=== Begin Enclosure ===
Lemma upd_napkin nap i j : i < n -> j < n ->
  upd nap (napkin i) (napkin j) = (j =? i) || nap (napkin j).
Proof.
  intros Hi Hj. unfold upd. destruct (Nat.eqb_spec j i) as [->|Hne].
  - now rewrite Nat.eqb_refl.
  - destruct (Nat.eqb_spec (napkin j) (napkin i)) as [E|]; auto.
    apply napkin_inj in E; lia.
Qed.

Lemma move_seat p k : 1 <= k -> p + k < n -> move n d (seat p) k = seat (p + k).
Proof.
  intros Hk H. destruct p as [|p]; [now rewrite seat0|].
  rewrite !seat_pos by lia. unfold move. rewrite (Nat.mod_small k) by lia.
  destruct d; [apply Nat.mod_small|rewrite mod_sub_self]; lia.
Qed.

Lemma move_seat_wrap p k : p < n -> p + k = n -> move n d (seat p) k = seat 0.
Proof.
  intros Hp H. rewrite seat0. unfold move. destruct p as [|p].
  - simpl in H; subst k. rewrite seat0. destruct d; simpl.
    + apply Nat.Div0.mod_same.
    + rewrite Nat.Div0.mod_same, Nat.sub_0_r. apply Nat.Div0.mod_same.
  - rewrite seat_pos by lia. rewrite (Nat.mod_small k) by lia.
    destruct d; [rewrite <- H; apply Nat.Div0.mod_same|rewrite mod_sub_self]; lia.
Qed.

Lemma take_napkin_seat nap j b : 1 <= j < n ->
  take_napkin n nap (seat j) b =
  (let pref := napkin (if Bool.eqb b d then j else j - 1) in
   let oth := napkin (if Bool.eqb b d then j - 1 else j) in
   if negb (nap pref) then (upd nap pref, Some b)
   else if negb (nap oth) then (upd nap oth, Some (negb b))
   else (nap, None)).
Proof.
  intros Hj. unfold take_napkin. cbv zeta.
  assert (Hright : seat j mod n = napkin (if d then j else j - 1)).
  { rewrite seat_pos, napkin_eq by (destruct d; lia). destruct d; rewrite Nat.mod_small; lia. }
  assert (Hleft : (seat j + n - 1) mod n = napkin (if d then j - 1 else j)).
  { rewrite seat_pos, napkin_eq by (destruct d; lia). destruct d; rewrite mod_sub_self; lia. }
  rewrite Hright, Hleft. destruct b, d; reflexivity.
Qed.

Lemma take_napkin_seat_cases nap j b : 1 <= j < n ->
  (take_napkin n nap (seat j) b = (nap, None) /\
   nap (napkin j) && nap (napkin (j - 1)) = true) \/
  (exists i side, take_napkin n nap (seat j) b = (upd nap (napkin i), Some side) /\
   (i = j \/ i = j - 1) /\ nap (napkin j) && nap (napkin (j - 1)) = false).
Proof.
  intros Hj. rewrite take_napkin_seat by lia. cbv zeta.
  destruct (Bool.eqb b d); destruct (nap (napkin j)), (nap (napkin (j - 1))); simpl;
    first [left; split; reflexivity | right; do 2 eexists; split; [reflexivity|auto]].
Qed.

Definition empty_at (occ : nat -> bool) (j : nat) : nat :=
  if occ (seat j) then 0 else 1.

(* At [j = 0] the second napkin should be [napkin (n - 1)], but position 0
   (diner 1's seat) is always occupied. *)
Definition trap_at (occ nap : nat -> bool) (j : nat) : nat :=
  if occ (seat j) then 0
  else if nap (napkin j) && nap (napkin (j - 1)) then 1 else 0.

Definition num_empty (occ : nat -> bool) : nat := nsum n (empty_at occ).
Definition num_traps (occ nap : nat -> bool) : nat := nsum n (trap_at occ nap).

Definition isolated (occ : nat -> bool) : Prop :=
  forall j, j < n -> occ (seat j) = false ->
  1 <= j /\ (S j < n -> occ (seat (S j)) = true).

Lemma isolated_fill occ i : i < n -> isolated occ -> isolated (upd occ (seat i)).
Proof.
  intros Hi Hiso j Hj. rewrite upd_seat by lia. intros [_ Hfree]%orb_false_iff.
  destruct (Hiso j Hj Hfree) as [Hj1 Hnext]. split; [exact Hj1|].
  intros HS. rewrite upd_seat, Hnext by lia. apply orb_true_r.
Qed.

Lemma isolated_apart occ i j : isolated occ -> i < n -> j < n -> i <> j ->
  occ (seat i) = false -> occ (seat j) = false -> S i < j \/ S j < i.
Proof.
  intros Hiso Hi Hj Hij Hfi Hfj.
  destruct (Nat.eq_dec j (S i)) as [->|].
  { rewrite (proj2 (Hiso i Hi Hfi)) in Hfj by lia. discriminate. }
  destruct (Nat.eq_dec i (S j)) as [->|].
  { rewrite (proj2 (Hiso j Hj Hfj)) in Hfi by lia. discriminate. }
  lia.
Qed.

Lemma num_empty_fill occ i : i < n -> occ (seat i) = false ->
  num_empty occ = S (num_empty (upd occ (seat i))).
Proof.
  intros Hi Hfree. unfold num_empty.
  assert (Hnew : empty_at (upd occ (seat i)) i = 0).
  { unfold empty_at. now rewrite upd_seat, Nat.eqb_refl by lia. }
  assert (Hold : empty_at occ i = 1) by (unfold empty_at; now rewrite Hfree).
  enough (nsum n (empty_at occ) + empty_at (upd occ (seat i)) i =
          nsum n (empty_at (upd occ (seat i))) + empty_at occ i) by lia.
  apply nsum_update; [exact Hi|]. intros j Hj Hji. unfold empty_at.
  rewrite upd_seat by lia. apply Nat.eqb_neq in Hji. now rewrite Hji.
Qed.

Lemma num_traps_fill occ nap nap' i : i < n -> occ (seat i) = false ->
  (forall j, j < n -> j <> i -> occ (seat j) = false ->
   nap' (napkin j) && nap' (napkin (j - 1)) = nap (napkin j) && nap (napkin (j - 1))) ->
  num_traps occ nap = num_traps (upd occ (seat i)) nap' + trap_at occ nap i.
Proof.
  intros Hi Hfree Hnap. unfold num_traps.
  assert (Hnew : trap_at (upd occ (seat i)) nap' i = 0).
  { unfold trap_at. now rewrite upd_seat, Nat.eqb_refl by lia. }
  enough (nsum n (trap_at occ nap) + trap_at (upd occ (seat i)) nap' i =
          nsum n (trap_at (upd occ (seat i)) nap') + trap_at occ nap i) by lia.
  apply nsum_update; [exact Hi|]. intros j Hj Hji. unfold trap_at.
  rewrite upd_seat by lia. apply Nat.eqb_neq in Hji as Hb. rewrite Hb. simpl.
  destruct (occ (seat j)) eqn:Hj'; [reflexivity|]. now rewrite Hnap.
Qed.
=== End Enclosure ===
[HOW TO COMPLETE THIS TASK]
Only lines containing the string "Definition" belong in the answer; find them in the data above and copy them.

[RESULT OF THE EXERCISE]
Definition empty_at (occ : nat -> bool) (j : nat) : nat :=
Definition trap_at (occ nap : nat -> bool) (j : nat) : nat :=
Definition num_empty (occ : nat -> bool) : nat := nsum n (empty_at occ).
Definition num_traps (occ nap : nat -> bool) : nat := nsum n (trap_at occ nap).
Definition isolated (occ : nat -> bool) : Prop :=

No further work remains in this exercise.